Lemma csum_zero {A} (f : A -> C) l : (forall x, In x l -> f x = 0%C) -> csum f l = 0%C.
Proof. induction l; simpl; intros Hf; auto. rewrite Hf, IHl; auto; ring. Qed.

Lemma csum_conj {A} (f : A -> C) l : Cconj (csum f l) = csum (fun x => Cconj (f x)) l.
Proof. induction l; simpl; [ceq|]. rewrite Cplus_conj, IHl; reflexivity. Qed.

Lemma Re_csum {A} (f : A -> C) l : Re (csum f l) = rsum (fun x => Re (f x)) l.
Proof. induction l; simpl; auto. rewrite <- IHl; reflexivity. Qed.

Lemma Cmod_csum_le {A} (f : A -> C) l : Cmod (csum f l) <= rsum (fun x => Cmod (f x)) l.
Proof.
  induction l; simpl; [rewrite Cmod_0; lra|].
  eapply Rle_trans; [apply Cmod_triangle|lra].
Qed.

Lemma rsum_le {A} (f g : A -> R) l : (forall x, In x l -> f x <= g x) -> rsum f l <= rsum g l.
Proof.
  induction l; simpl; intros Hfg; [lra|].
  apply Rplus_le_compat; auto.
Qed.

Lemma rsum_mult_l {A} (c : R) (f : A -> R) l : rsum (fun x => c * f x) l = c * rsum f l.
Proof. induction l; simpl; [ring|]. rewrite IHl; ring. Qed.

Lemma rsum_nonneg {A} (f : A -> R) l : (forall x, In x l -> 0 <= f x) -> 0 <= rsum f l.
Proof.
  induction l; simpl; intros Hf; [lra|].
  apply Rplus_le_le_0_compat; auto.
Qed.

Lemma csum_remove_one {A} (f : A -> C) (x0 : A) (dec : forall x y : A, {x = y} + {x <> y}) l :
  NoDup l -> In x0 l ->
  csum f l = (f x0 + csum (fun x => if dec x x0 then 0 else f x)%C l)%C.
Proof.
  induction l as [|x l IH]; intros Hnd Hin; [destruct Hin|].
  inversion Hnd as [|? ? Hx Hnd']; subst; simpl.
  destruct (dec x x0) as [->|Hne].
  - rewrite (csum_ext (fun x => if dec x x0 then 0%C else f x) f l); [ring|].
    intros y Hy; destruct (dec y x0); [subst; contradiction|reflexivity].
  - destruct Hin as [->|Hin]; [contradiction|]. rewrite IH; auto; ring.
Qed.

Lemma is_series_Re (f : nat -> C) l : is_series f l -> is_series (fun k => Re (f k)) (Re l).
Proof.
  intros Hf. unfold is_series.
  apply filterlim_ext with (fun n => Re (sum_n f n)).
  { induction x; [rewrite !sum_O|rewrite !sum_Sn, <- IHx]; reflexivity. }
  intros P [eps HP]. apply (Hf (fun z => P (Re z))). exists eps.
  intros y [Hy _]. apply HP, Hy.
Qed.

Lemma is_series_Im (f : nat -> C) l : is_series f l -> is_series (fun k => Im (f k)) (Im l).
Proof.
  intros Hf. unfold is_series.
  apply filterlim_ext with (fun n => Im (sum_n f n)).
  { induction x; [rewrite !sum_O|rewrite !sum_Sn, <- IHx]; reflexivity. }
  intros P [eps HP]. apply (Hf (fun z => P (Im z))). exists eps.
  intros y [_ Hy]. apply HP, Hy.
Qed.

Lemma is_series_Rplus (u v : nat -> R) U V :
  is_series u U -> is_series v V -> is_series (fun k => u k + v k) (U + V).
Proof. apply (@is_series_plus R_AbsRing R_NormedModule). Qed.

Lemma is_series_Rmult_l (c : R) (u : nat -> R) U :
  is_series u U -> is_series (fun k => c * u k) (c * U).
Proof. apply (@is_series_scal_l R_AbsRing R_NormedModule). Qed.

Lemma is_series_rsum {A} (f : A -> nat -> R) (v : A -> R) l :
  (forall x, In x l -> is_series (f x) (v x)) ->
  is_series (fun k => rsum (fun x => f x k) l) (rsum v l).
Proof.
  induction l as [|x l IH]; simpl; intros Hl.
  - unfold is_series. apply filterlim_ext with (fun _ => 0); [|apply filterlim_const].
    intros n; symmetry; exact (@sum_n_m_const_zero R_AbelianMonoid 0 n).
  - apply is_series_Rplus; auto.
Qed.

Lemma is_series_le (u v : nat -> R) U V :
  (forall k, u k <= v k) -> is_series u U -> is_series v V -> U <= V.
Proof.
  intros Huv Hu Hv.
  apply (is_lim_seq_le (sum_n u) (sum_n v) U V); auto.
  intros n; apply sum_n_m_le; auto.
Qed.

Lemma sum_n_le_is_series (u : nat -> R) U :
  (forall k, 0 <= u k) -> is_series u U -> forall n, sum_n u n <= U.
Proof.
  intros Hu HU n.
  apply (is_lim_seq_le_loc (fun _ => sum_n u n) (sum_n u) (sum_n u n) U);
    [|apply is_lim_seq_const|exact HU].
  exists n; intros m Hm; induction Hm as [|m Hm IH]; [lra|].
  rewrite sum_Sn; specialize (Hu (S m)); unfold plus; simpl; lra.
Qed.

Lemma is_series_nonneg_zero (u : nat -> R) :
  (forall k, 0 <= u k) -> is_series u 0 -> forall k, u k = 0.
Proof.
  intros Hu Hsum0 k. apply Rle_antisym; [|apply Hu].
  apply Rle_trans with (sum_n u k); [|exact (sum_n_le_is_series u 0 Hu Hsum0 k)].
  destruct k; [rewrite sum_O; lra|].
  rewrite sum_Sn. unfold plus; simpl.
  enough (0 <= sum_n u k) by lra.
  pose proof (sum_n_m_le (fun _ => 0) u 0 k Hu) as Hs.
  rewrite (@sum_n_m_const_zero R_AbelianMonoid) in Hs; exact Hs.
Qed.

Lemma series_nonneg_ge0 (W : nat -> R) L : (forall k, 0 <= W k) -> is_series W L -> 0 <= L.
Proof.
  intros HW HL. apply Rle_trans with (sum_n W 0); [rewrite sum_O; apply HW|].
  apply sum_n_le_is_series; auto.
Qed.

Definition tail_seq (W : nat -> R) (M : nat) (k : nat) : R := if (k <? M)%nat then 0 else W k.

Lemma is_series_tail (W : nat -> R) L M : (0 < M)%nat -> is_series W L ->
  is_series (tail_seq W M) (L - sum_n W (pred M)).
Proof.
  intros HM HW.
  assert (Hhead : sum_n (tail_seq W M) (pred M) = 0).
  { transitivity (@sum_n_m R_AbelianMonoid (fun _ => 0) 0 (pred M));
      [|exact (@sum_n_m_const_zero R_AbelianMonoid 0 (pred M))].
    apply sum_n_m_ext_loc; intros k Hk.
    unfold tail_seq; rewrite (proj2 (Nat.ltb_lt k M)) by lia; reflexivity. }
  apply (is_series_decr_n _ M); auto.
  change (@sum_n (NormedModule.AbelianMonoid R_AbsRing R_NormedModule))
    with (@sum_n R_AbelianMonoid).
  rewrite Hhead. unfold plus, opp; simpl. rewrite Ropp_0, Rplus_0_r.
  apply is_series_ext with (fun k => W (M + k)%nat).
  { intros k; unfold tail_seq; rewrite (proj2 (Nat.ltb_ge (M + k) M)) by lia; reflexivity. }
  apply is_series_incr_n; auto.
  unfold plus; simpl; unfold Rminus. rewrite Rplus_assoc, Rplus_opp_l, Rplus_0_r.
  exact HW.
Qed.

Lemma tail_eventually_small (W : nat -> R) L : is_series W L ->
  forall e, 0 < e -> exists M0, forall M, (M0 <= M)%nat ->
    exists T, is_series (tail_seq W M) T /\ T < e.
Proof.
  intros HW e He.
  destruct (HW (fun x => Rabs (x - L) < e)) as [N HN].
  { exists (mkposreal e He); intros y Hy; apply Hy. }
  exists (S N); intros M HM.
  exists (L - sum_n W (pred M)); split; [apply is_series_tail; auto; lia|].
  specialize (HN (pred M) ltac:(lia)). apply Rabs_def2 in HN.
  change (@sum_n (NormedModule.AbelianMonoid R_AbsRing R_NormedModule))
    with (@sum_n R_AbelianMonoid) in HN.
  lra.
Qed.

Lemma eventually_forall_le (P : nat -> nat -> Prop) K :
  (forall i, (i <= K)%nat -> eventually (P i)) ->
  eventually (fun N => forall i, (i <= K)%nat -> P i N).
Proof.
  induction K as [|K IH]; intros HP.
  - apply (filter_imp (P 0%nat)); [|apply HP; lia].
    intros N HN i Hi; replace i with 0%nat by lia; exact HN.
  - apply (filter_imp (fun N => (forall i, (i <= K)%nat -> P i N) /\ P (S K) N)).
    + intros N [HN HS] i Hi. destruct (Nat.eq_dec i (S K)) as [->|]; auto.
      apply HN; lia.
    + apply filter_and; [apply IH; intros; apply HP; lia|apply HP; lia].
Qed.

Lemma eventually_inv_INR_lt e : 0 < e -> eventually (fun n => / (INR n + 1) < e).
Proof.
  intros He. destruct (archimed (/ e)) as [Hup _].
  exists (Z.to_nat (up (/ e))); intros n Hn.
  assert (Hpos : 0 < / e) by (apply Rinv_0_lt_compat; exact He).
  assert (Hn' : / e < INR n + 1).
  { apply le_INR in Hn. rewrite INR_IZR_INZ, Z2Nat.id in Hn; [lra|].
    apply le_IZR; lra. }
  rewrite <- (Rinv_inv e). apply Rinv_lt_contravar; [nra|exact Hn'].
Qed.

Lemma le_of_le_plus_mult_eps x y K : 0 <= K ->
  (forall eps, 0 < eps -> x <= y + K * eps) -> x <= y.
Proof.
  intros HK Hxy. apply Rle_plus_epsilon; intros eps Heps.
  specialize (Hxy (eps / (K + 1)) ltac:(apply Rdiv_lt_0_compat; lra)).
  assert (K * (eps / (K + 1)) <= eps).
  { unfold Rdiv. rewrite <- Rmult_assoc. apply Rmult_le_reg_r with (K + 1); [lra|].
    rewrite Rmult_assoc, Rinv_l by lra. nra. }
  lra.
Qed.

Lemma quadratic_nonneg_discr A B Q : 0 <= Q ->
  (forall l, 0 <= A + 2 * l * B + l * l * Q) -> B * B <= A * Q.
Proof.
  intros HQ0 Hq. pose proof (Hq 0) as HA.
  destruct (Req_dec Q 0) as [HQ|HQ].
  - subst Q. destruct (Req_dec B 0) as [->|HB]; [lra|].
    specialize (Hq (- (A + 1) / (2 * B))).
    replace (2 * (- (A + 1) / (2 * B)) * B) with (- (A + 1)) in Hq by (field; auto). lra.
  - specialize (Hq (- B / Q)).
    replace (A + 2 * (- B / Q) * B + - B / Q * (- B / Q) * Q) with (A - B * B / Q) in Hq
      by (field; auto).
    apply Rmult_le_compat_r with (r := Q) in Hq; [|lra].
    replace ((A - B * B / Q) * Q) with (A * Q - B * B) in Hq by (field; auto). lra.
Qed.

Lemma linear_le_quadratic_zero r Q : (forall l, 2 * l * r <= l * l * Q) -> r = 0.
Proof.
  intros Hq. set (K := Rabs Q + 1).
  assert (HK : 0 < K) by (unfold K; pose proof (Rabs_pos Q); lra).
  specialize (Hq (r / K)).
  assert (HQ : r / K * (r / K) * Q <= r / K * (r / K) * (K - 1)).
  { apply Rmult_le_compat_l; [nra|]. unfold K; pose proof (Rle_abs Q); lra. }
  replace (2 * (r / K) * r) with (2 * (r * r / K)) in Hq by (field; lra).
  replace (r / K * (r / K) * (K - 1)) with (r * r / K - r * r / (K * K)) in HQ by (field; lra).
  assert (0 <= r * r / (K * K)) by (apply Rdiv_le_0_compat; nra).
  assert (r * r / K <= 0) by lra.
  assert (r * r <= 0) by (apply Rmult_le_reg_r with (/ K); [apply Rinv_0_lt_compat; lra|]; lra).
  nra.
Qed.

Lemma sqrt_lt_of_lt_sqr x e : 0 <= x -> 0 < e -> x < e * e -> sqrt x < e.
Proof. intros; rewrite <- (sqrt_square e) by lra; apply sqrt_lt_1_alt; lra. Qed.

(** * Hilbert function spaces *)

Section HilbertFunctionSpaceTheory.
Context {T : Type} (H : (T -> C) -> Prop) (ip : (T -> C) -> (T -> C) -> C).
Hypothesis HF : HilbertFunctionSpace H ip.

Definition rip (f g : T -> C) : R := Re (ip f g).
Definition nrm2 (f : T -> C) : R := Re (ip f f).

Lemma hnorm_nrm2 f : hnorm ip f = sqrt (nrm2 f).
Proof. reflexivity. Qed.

= = = = = = =

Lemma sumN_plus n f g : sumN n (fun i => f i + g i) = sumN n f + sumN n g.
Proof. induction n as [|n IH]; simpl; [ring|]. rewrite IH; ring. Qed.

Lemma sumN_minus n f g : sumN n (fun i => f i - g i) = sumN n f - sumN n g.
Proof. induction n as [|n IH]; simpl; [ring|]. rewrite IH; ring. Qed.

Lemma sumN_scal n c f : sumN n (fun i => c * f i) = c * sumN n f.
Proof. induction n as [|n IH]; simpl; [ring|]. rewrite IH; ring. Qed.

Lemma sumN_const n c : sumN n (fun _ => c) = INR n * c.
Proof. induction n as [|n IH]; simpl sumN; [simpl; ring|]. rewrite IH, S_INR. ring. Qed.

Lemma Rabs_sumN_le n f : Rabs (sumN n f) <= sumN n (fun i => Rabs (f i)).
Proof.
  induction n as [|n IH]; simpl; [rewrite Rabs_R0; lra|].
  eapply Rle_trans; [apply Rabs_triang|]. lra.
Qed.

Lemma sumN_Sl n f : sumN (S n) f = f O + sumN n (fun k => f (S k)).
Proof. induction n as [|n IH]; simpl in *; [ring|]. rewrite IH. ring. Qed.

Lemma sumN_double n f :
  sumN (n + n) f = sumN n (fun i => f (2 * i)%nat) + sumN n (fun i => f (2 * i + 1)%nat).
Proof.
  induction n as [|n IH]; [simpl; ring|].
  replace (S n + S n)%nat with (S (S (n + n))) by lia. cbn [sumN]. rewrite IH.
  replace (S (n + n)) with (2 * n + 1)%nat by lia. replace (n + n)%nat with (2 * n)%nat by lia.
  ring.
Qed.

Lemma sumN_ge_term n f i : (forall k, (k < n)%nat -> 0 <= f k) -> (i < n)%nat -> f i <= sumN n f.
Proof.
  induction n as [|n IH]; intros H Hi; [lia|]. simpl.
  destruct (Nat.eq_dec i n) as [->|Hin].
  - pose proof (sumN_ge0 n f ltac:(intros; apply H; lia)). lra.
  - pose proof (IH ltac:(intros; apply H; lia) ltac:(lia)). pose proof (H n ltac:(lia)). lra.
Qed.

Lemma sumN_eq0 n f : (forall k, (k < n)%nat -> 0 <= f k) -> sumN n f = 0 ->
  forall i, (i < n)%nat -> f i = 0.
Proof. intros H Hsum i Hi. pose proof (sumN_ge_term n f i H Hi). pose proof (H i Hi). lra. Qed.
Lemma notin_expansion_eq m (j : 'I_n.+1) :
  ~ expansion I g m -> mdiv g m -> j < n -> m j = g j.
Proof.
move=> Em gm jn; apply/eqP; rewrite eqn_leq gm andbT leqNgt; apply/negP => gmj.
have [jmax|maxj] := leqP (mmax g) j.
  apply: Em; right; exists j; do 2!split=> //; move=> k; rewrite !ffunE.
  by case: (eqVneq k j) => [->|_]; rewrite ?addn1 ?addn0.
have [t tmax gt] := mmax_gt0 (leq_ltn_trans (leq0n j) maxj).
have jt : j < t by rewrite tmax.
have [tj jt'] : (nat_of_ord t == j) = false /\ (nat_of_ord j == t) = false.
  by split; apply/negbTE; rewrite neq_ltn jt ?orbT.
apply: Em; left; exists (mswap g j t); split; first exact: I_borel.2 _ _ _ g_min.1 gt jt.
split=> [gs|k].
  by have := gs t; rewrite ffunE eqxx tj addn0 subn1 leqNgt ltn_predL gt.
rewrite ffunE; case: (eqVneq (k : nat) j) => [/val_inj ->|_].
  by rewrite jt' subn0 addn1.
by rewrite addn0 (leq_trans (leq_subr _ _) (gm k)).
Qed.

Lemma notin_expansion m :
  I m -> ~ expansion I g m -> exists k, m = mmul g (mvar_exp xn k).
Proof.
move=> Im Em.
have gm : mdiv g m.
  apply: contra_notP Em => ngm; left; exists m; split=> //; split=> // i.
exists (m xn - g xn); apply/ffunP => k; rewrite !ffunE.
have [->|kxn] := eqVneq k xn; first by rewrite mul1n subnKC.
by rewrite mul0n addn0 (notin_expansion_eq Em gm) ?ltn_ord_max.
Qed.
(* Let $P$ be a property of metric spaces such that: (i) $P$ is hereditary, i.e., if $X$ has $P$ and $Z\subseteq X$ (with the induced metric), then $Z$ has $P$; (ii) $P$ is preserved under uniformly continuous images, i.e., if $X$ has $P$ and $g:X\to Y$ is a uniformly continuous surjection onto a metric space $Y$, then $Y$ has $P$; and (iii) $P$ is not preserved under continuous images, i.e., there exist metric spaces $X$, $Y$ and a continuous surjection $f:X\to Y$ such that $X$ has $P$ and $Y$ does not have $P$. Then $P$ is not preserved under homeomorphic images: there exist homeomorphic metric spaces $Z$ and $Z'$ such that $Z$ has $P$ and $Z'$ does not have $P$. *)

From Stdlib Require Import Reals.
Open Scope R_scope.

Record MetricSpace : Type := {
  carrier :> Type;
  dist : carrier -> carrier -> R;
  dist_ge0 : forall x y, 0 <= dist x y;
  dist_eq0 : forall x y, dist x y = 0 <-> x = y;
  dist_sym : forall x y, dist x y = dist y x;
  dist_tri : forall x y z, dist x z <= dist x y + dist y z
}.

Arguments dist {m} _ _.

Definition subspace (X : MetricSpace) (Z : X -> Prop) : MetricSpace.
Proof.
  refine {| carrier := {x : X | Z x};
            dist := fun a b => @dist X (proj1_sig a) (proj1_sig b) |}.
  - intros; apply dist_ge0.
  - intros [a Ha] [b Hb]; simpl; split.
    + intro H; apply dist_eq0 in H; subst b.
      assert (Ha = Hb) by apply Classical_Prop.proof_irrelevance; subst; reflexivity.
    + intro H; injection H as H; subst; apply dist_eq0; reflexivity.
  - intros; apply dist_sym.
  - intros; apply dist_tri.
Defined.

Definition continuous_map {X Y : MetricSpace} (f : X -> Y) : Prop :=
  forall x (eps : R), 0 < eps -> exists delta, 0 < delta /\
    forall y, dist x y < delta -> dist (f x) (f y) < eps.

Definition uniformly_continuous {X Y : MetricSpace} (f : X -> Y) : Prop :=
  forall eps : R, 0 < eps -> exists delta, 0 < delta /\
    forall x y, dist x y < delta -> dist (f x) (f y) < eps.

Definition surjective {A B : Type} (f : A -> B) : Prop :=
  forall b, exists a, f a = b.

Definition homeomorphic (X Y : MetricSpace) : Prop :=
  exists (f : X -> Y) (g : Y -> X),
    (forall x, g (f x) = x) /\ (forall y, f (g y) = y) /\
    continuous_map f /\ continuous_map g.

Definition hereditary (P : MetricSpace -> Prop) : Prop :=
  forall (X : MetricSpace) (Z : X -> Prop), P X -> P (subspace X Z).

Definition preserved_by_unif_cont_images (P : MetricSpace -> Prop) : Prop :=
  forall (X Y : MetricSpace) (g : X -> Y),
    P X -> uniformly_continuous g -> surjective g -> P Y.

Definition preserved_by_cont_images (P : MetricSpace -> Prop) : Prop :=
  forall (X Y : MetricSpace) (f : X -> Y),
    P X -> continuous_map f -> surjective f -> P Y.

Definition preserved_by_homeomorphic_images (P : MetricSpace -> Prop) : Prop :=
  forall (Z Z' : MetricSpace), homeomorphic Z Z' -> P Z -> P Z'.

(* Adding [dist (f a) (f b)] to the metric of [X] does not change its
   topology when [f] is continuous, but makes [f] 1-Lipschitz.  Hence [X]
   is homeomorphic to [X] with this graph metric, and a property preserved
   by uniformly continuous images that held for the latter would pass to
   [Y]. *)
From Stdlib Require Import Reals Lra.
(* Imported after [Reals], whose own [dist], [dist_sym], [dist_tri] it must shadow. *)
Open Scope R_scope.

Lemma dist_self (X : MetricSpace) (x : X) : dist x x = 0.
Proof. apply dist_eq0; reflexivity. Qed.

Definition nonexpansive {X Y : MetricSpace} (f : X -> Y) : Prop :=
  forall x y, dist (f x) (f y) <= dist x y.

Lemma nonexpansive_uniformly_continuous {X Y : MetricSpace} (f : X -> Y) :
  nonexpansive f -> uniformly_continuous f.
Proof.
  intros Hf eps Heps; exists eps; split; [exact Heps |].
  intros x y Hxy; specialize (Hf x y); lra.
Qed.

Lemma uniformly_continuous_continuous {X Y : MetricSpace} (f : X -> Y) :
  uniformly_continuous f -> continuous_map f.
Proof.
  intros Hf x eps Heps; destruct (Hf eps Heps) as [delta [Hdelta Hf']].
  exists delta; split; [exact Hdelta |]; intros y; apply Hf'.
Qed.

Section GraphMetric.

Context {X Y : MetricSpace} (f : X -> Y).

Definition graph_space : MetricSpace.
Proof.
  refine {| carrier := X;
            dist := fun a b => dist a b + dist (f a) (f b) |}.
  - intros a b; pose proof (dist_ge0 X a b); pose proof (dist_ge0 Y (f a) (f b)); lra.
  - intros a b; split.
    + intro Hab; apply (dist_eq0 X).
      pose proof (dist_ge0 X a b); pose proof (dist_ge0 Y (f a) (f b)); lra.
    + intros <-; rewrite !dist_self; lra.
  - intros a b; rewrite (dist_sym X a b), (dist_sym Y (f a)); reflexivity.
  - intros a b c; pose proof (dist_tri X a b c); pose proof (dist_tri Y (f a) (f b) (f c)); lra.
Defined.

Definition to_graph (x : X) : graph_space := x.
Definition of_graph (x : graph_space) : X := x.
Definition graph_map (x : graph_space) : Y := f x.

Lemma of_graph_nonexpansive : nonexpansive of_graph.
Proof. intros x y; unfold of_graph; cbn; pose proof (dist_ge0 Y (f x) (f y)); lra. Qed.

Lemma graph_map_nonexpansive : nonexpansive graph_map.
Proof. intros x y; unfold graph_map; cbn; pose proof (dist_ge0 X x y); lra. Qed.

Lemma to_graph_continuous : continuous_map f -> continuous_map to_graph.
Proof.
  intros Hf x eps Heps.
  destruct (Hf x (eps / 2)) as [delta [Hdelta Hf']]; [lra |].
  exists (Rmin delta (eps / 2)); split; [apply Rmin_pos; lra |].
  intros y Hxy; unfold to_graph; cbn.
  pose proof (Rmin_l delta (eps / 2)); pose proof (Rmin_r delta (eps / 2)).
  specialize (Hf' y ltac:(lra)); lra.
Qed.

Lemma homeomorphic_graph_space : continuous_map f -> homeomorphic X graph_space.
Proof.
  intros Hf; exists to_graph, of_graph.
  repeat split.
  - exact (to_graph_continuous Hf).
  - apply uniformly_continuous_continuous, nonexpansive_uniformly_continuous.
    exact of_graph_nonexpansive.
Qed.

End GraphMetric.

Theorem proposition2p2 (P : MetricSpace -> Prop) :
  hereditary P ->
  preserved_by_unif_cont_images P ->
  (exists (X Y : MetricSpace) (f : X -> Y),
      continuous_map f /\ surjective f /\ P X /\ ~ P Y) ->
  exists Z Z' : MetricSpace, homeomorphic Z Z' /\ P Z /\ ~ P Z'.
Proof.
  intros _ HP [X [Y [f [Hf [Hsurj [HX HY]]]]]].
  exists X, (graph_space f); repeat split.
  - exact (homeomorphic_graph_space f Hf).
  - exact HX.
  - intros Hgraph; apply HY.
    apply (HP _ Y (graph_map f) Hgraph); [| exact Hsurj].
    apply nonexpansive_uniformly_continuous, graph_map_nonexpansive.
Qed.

= = = = = = =

**INSTRUCTIONS FOR THE TASK:** Find the word "Reals" in the entries, and copy every line it shows up in.

**WRITTEN ANSWER:**
From Stdlib Require Import Reals.
From Stdlib Require Import Reals Lra.
(* Imported after [Reals], whose own [dist], [dist_sym], [dist_tri] it must shadow. *)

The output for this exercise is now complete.